GAFFNEY: Well, it is interesting we're having this conversation of course, Glenn, on the day that the Supreme Court is weighing the question of whether somebody should enforce the law, if the federal government is not going to do it, the State of Arizona should do it as they have asked to be able to do it. They've passed a law in the formal democratic process to do. And in the absence of that especially, I think we're looking at an event or a series of events.

We know, according to congressman Pete King who shares, as you know, the Homeland Security committee in the House that there are hundreds, as you know, hundreds of Hezbollah operatives in the United States right now.

GLENN: I think he said 200 just in New York.
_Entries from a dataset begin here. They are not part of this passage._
Lemma Gvec_onto (S : {set 'I_(q + 1)}) : #|S| = 4%N -> Gvec S @: setT = setXn (Fq_on S).
Proof.
move=> cardS; apply/eqP; rewrite eqEcard card_imset; last exact: Gvec_inj.
rewrite cardsT card_prod cardF -expnD card_setXn_Fq_on cardS leqnn andbT.
apply/subsetP => _ /imsetP[[a b] _ ->]; apply/setXnP => u.
by rewrite ffunE /Fq_on; case: (u \in S); [exact: trFq_Fq | exact: set11].
Qed.

Lemma card_Gzeros_super (S : {set 'I_(q + 1)}) : (#|S| <= 4)%N ->
  #|[set ab : F * F | S \subset Gzeros ab.1 ab.2]| = (q ^ (4 - #|S|))%N.
Proof.
move=> cardS.
have [S' sSS' cardS'] : exists2 S' : {set 'I_(q + 1)}, S \subset S' & #|S'| = 4%N.
  by apply: exists_superset_card; rewrite cardS card_ord; have := q_ge3; lia.
have vanish_onto :
    Gvec S' @: [set ab : F * F | S \subset Gzeros ab.1 ab.2] = setXn (Fq_on (S' :\: S)).
  apply/setP => f; apply/imsetP/setXnP => [[[a b]] | f_on].
    rewrite inE => /subsetP /= SG -> u; rewrite ffunE /Fq_on !inE.
    case: (boolP (u \in S)) => [uS | _].
      by have := SG u uS; rewrite (subsetP sSS' u uS) !inE.
    by case: (u \in S'); [exact: trFq_Fq | exact: set11].
  have : f \in Gvec S' @: setT.
    rewrite Gvec_onto //; apply/setXnP => u; have := f_on u; rewrite /Fq_on !inE.
    by case: (u \in S') => //; case: (u \in S) => //= /set1P ->; exact: Fq0.
  case/imsetP=> [[a b] _ fE]; exists (a, b) => //; rewrite inE; apply/subsetP => u uS.
  by have := f_on u; rewrite fE ffunE (subsetP sSS' u uS) /Fq_on in_setD uS /= !inE.
rewrite -(card_imset _ (Gvec_inj cardS')) vanish_onto card_setXn_Fq_on.
by rewrite cardsD (setIidPr sSS') cardS'.
Qed.

Lemma nzeros00 : nzeros (0, 0) = (q + 1)%N.
Proof. by rewrite -[RHS]card_ord; apply: eq_card => u; rewrite inE Gfun00 eqxx. Qed.

Lemma nzeros_le3 ab : ab != (0, 0) -> (nzeros ab <= 3)%N.
Proof.
case: ab => a b; apply: contraR; rewrite -ltnNge /nzeros /= => /Gzeros_card_ge4[-> ->].
by rewrite eqxx.
Qed.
GAFFNEY: Yeah. These are people who are presumably good to go, if the order is given to launch terrorist attacks against us. Heavens knows how many others of Al‑Qaeda or Hamas or other stripes the al‑Quds force of Iran, for example, are also either here or preparing to take the, you know, easy, well, relatively easy route into our country across a porous southern border without proper enforcement that imposes real obstacles to them doing it.
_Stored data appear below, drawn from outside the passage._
Lemma adjC T a b : adj T a b = adj T b a.
Proof. by rewrite /adj ekeyC. Qed.

Lemma adj_edge T e : edges_wf T -> e \in edges T -> adj T e.1 e.2.
Proof. by move=> wf ein; have [lt _ _] := edges_wfP wf ein; rewrite /adj ekey_key. Qed.

Lemma adj_nodes T a b :
  edges_wf T -> adj T a b -> [/\ a \in nodes T, b \in nodes T & a != b].
Proof.
move=> wf /(edges_wfP wf).
by case: (ekey_ends a b) => -[-> ->] [lt -> ->]; rewrite neq_ltn lt ?orbT.
Qed.

Lemma ekey_wf T a b : a != b -> a \in nodes T -> b \in nodes T ->
  ((ekey a b).1 < (ekey a b).2) && ((ekey a b).1 \in nodes T) && ((ekey a b).2 \in nodes T).
Proof. by move=> ab aT bT; rewrite -andbA (ekey_both (mem (nodes T))) /= ekey_lt ?aT ?bT. Qed.

Lemma ecount_sub T P Q : (forall k, P k -> Q k) -> ecount T P <= ecount T Q.
Proof. by move=> PQ; apply: count_le_in => e _ /andP [/PQ -> /PQ ->]. Qed.

Lemma ncount_add1 T P b : uniq (nodes T) -> b \in nodes T -> ~~ P b ->
  ncount T (fun k => P k || (k == b)) = ncount T P + 1.
Proof.
move=> uN bN nPb; rewrite /ncount (@count_split _ _ P (pred1 b)); last first.
  by move=> k _ /=; case: (eqVneq k b) => [->|]; rewrite ?(negbTE nPb) ?orbF ?addn0.
by rewrite count_uniq_mem // bN.
Qed.

Lemma covered_or_not T P X :
  (exists u, [/\ u \in nodes T, P u & ~~ X u]) \/ {in nodes T, forall u, P u -> X u}.
Proof.
case: (boolP (has (predD P X) (nodes T))) => [/hasP [u uN /andP [nXu Pu]] | /hasPn cov].
  by left; exists u.
by right => u /cov /nandP [/negPn Xu _ | /negP nPu /nPu].
Qed.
And here's the kicker: If you add to that violent jihad the prospect of it, the distinct possibility that we will find these guys killing Americans in the future, perhaps not so distant, as they have in the past, you add on top of that this other kind of jihad, not so much nonviolent but previolent jihad that actually we're helping to build to, according to the phase plan we talked earlier about the strategic plan of the Muslim Brotherhood, there was also a phased plan introduced into evidence in the Holy Land Foundation trial, Glenn, and what the phase plan says is you use these stealthy techniques until the point where you're able to seize control of the government. So it is all about building the violence, and under the doctrine of sedition ‑‑ of Sharia as we've discussed before, under that doctrine if they sense we are being submissive, their doctrine says they must redouble their effort to make us feel subdued; in other words, bring on the violence. So you put all this together and there's a, I think a very high probability, not just a possibility, probability that we will see death and destruction meted out at the hands of the Muslim Brotherhood and its other Islamist associates inside the United States, not just somewhere else, and it will be in part our own fault because we have been witlessly blind and we have been submitting, we have been encouraging, we've been enabling.
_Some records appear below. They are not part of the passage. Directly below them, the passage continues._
(* Let $(A,f)$ be a finite-dimensional quadratic Lie algebra over a field $\mathbb{K}$ of characteristic zero, let $d$ be an $f$-skew-symmetric derivation of $A$, and let $(A_b,f_b)$ be the one-dimensional double extension of $(A,f)$ by $(b,d)$. Then $Z(A_b)=(Z(A)\cap\ker d)\oplus \mathbb{K}\beta$ if and only if $d$ is not an inner derivation of $A$. Otherwise $d=\mathrm{ad}\,x$ for some $x\in A$ and $Z(A_b)=(Z(A)\cap\ker d)\oplus\mathbb{K}\beta\oplus\mathbb{K}(b-x)$.
   Context: A quadratic Lie algebra $(A,f)$ is a Lie algebra with a non-degenerate symmetric bilinear form $f$ satisfying $f([x,y],z)+f(y,[x,z])=0$. A derivation $d$ is $f$-skew-symmetric if $f(d(x),y)+f(x,d(y))=0$ for all $x,y$. The one-dimensional double extension of $(A,f)$ by $(b,d)$ is the vector space $A_b=\mathbb{K}b\oplus A\oplus\mathbb{K}\beta$ with bracket $[\lambda b+a+\mu\beta,\lambda' b+a'+\mu'\beta]=\lambda d(a')-\lambda' d(a)+[a,a']_A+f(d(a),a')\beta$ ($\lambda,\lambda',\mu,\mu'\in\mathbb{K}$, $a,a'\in A$) and symmetric form $f_b(\lambda b+a+\mu\beta,\lambda' b+a'+\mu'\beta)=\lambda\mu'+\lambda'\mu+f(a,a')$. $Z(\cdot)$ denotes the centre. *)

From mathcomp Require Import all_boot all_order all_algebra.
Set Implicit Arguments. Unset Strict Implicit. Unset Printing Implicit Defensive.
Import GRing.Theory.
Local Open Scope ring_scope.

Section LieDefs.
Variables (K : fieldType) (A : vectType K).

Definition bracket_bilinear (br : A -> A -> A) : Prop :=
  (forall (c : K) (x y z : A), br (c *: x + y) z = c *: br x z + br y z) /\
  (forall (c : K) (x y z : A), br z (c *: x + y) = c *: br z x + br z y).

Definition is_lie_algebra (br : A -> A -> A) : Prop :=
  [/\ bracket_bilinear br,
      (forall x, br x x = 0) &
      (forall x y z, br x (br y z) + br y (br z x) + br z (br x y) = 0)].

Definition form_bilinear (f : A -> A -> K) : Prop :=
  (forall (c : K) (x y z : A), f (c *: x + y) z = c * f x z + f y z) /\
  (forall (c : K) (x y z : A), f z (c *: x + y) = c * f z x + f z y).

Definition is_quadratic_form (br : A -> A -> A) (f : A -> A -> K) : Prop :=
  [/\ form_bilinear f,
      (forall x y, f x y = f y x),
      (forall x, (forall y, f x y = 0) -> x = 0) &
      (forall x y z, f (br x y) z + f y (br x z) = 0)].

Definition is_linear_map (d : A -> A) : Prop :=
  forall (c : K) (x y : A), d (c *: x + y) = c *: d x + d y.

Definition is_derivation (br : A -> A -> A) (d : A -> A) : Prop :=
  is_linear_map d /\ (forall x y, d (br x y) = br (d x) y + br x (d y)).

Definition f_skew (f : A -> A -> K) (d : A -> A) : Prop :=
  forall x y, f (d x) y + f x (d y) = 0.

Definition is_inner (br : A -> A -> A) (d : A -> A) : Prop :=
  exists x : A, forall y, d y = br x y.

Definition centre (T : Type) (z0 : T) (br : T -> T -> T) (z : T) : Prop :=
  forall y, br z y = z0.

(* One-dimensional double extension A_b = K b (+) A (+) K beta,
   an element lambda b + a + mu beta is encoded as (lambda, a, mu). *)
Definition dext_bracket (br : A -> A -> A) (f : A -> A -> K) (d : A -> A)
  (u v : K * A * K) : K * A * K :=
  let: (l, a, _) := u in
  let: (l', a', _) := v in
  (0, l *: d a' - l' *: d a + br a a', f (d a) a').

Definition dext_form (f : A -> A -> K) (u v : K * A * K) : K :=
  let: (l, a, m) := u in
  let: (l', a', m') := v in
  l * m' + l' * m + f a a'.

End LieDefs.

(** Writing an element of [A_b] as [l b + a + m beta], it is central iff
    [d a = 0] and [l d + ad a = 0].  If [l <> 0] this exhibits [d] as the inner
    derivation [ad (- a / l)]; conversely, if [d = ad x] then [b - x] is central.
    So the coordinate along [b] of a central element can be nonzero exactly when
    [d] is inner, and in that case subtracting [l (b - x)] reduces to [l = 0]. *)
From mathcomp Require Import all_boot all_order all_algebra.
Set Implicit Arguments. Unset Strict Implicit. Unset Printing Implicit Defensive.
Import GRing.Theory.
Local Open Scope ring_scope.

Section LinearMaps.
Variables (K : fieldType) (A : vectType K).

Lemma linear_map0 (g : A -> A) : is_linear_map g -> g 0 = 0.
Proof.
move=> gL; have := gL 1 0 0; rewrite scaler0 addr0 scale1r => g0.
by apply: (addrI (g 0)); rewrite addr0 -g0.
Qed.

Lemma linear_mapZ (g : A -> A) : is_linear_map g -> forall c x, g (c *: x) = c *: g x.
Proof. by move=> gL c x; rewrite -[c *: x]addr0 gL linear_map0 // addr0. Qed.

Lemma linear_mapD (g : A -> A) : is_linear_map g -> forall x y, g (x + y) = g x + g y.
Proof. by move=> gL x y; rewrite -[x]scale1r gL !scale1r. Qed.

Lemma linear_mapN (g : A -> A) : is_linear_map g -> forall x, g (- x) = - g x.
Proof. by move=> gL x; rewrite -scaleN1r linear_mapZ // scaleN1r. Qed.

Section Bracket.
Variables (br : A -> A -> A) (brB : bracket_bilinear br).

Lemma bracketZl c x y : br (c *: x) y = c *: br x y.
Proof. by apply: (linear_mapZ (g := br^~ y)) => c' x' z; apply: brB.1. Qed.

Lemma bracketDl x x' y : br (x + x') y = br x y + br x' y.
Proof. by apply: (linear_mapD (g := br^~ y)) => c' x'' z; apply: brB.1. Qed.

Lemma bracket0l y : br 0 y = 0.
Proof. by apply: (linear_map0 (g := br^~ y)) => c x z; apply: brB.1. Qed.

Lemma bracket0r x : br x 0 = 0.
Proof. by apply: linear_map0 => c y z; apply: brB.2. Qed.

End Bracket.

Lemma form_bilinear0l (f : A -> A -> K) : form_bilinear f -> forall y, f 0 y = 0.
Proof.
case=> fl _ y; have := fl 1 0 0 y; rewrite scaler0 addr0 mul1r => f0.
by apply: (addrI (f 0 y)); rewrite addr0 -f0.
Qed.

End LinearMaps.

Section DoubleExtensionCentre.
Variables (K : fieldType) (A : vectType K).
Variables (br : A -> A -> A) (f : A -> A -> K) (d : A -> A).
Hypotheses (brB : bracket_bilinear br) (br_alt : forall x, br x x = 0).
Hypotheses (fB : form_bilinear f) (dL : is_linear_map d).

Local Notation centre_b := (centre (0 : K * A * K) (dext_bracket br f d)).

Lemma dext_centreP l a m :
  centre_b (l, a, m) <-> d a = 0 /\ forall y, l *: d y + br a y = 0.
Proof.
have d0 := linear_map0 dL; have bra0 := bracket0r brB a.
split=> [central | [da0 ad_a] [[l' a'] m'] /=].
- have := central (1, 0, 0); rewrite /= d0 bra0 scaler0 scale1r sub0r addr0.
  case=> /eqP; rewrite oppr_eq0 => /eqP da0 _; split=> // y.
  by have := central (0, y, 0); rewrite /= scale0r subr0; case.
- by rewrite da0 scaler0 subr0 ad_a form_bilinear0l.
Qed.

Lemma dext_centre_kernel a m : centre 0 br a -> d a = 0 -> centre_b (0, a, m).
Proof. by move=> a_central da0; apply/dext_centreP; split=> // y; rewrite scale0r add0r. Qed.

Lemma dext_centre_inner_of_scalar l a m :
  centre_b (l, a, m) -> l != 0 -> is_inner br d.
Proof.
case/dext_centreP=> _ ad_a l_neq0; exists (- l^-1 *: a) => y.
apply: (scalerI l_neq0); rewrite bracketZl // scalerA.
by rewrite mulrN mulfV // scaleN1r; apply/eqP; rewrite -subr_eq0 opprK ad_a.
Qed.

Section InnerDerivation.
Variable x : A.
Hypothesis d_ad : forall y, d y = br x y.

Lemma dext_centre_inner z :
  centre_b z <-> exists (a : A) (mu lam : K),
    [/\ centre 0 br a, d a = 0 & z = (lam, a - lam *: x, mu)].
Proof.
have brZl := bracketZl brB; have brDl := bracketDl brB.
have dx0 : d x = 0 by rewrite d_ad br_alt.
case: z => [[l a] m]; split=> [/dext_centreP [da0 ad_a] | [a0 [mu [lam [a0_central da00 []]]]] -> -> ->].
- exists (a + l *: x), m, l; split; last by rewrite addrK.
  + by move=> y; rewrite brDl brZl -d_ad addrC ad_a.
  + by rewrite linear_mapD // da0 linear_mapZ // dx0 scaler0 addr0.
- apply/dext_centreP; split.
    by rewrite linear_mapD // linear_mapN // linear_mapZ // dx0 scaler0 da00 subr0.
  move=> y; rewrite brDl a0_central add0r -scaleN1r brZl brZl -d_ad scalerA.
  by rewrite mulN1r scaleNr subrr.
Qed.

Lemma dext_centre_ad : centre_b (1, - x, 0).
Proof.
apply/dext_centre_inner; exists 0, 0, 1; split.
- exact: bracket0l.
- exact: linear_map0.
- by rewrite sub0r scale1r.
Qed.

End InnerDerivation.

Lemma dext_centre_outer : ~ is_inner br d -> forall z,
  centre_b z <-> exists (a : A) (mu : K),
    [/\ centre 0 br a, d a = 0 & z = (0, a, mu)].
Proof.
move=> not_inner [[l a] m]; split=> [central | [a0 [mu [a0_central da0 ->]]]].
- have l0 : l = 0.
    by have [//|/(dext_centre_inner_of_scalar central)/not_inner] := eqVneq l 0.
  move: central; rewrite l0 => /dext_centreP [da0 ad_a]; exists a, m; split=> // y.
  by have := ad_a y; rewrite scale0r add0r.
- exact: dext_centre_kernel.
Qed.

End DoubleExtensionCentre.

Theorem lemma2p8 (K : fieldType) (A : vectType K)
  (br : A -> A -> A) (f : A -> A -> K) (d : A -> A) :
  [pchar K] =i pred0 ->
  is_lie_algebra br ->
  is_quadratic_form br f ->
  is_derivation br d ->
  f_skew f d ->
  ((forall z : K * A * K,
      centre (0 : K * A * K) (dext_bracket br f d) z <->
      exists (a : A) (mu : K),
        [/\ centre 0 br a, d a = 0 & z = (0, a, mu)])
   <-> ~ is_inner br d)
  /\
  (is_inner br d ->
   forall x : A, (forall y, d y = br x y) ->
   forall z : K * A * K,
     centre (0 : K * A * K) (dext_bracket br f d) z <->
     exists (a : A) (mu lam : K),
       [/\ centre 0 br a, d a = 0 & z = (lam, a - lam *: x, mu)]).
Proof.
move=> _ [brB br_alt _] [fB _ _ _] [dL _] _.
split; last by move=> _ x d_ad; apply: dext_centre_inner.
split; last exact: dext_centre_outer.
move=> centre_eq [x d_ad].
have [a [mu [_ _ []]]] := (centre_eq _).1 (dext_centre_ad brB br_alt fB dL d_ad).
by move/eqP; rewrite oner_eq0.
Qed.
GLENN: Frank, I appreciate it. We'll see you tonight.

GAFFNEY: Sure.

GLENN: Frank Gaffney who is part of this documentary, Rumors of War III, really important documentary. I ask you as a 9/12 project or a Tea Party, gather your friends together. Get to watch it together. There's a live portion of this hour‑long documentary that will make your hair fall out. Hour‑long documentary on what we're facing. You'll understand the Muslim Brotherhood. You'll have a pretty good idea. And when you hear that anybody in the White House say, "Oh, Muslim Brotherhood," you'll know. You'll know they're lying to you. Ask the border and how this all ties together and the steps that people have tried to take to protect us and who's thwarting it. Rumors of War III tonight at 7:00, then an hour‑long special after that where we get together with all the players and we'll take your questions. You can tweet the questions during the broadcast when you're watching it or right after, and we'll address them live tonight, GBTV, my regular show at 5:00, which is powerhouse, and then real news and then 7:00 is the beginning of the special.

STU: Yeah, you can tweet your questions with the hashtag Rumors of War. Also to remind you you've got a two‑week free trial. So if you want to try it, this is probably a good time to try it because you'll get the documentary and you'll get the after discussion and everything else, see if you like it.

GLENN: Yeah. Rumors of War III tonight, 7:00, GBTV.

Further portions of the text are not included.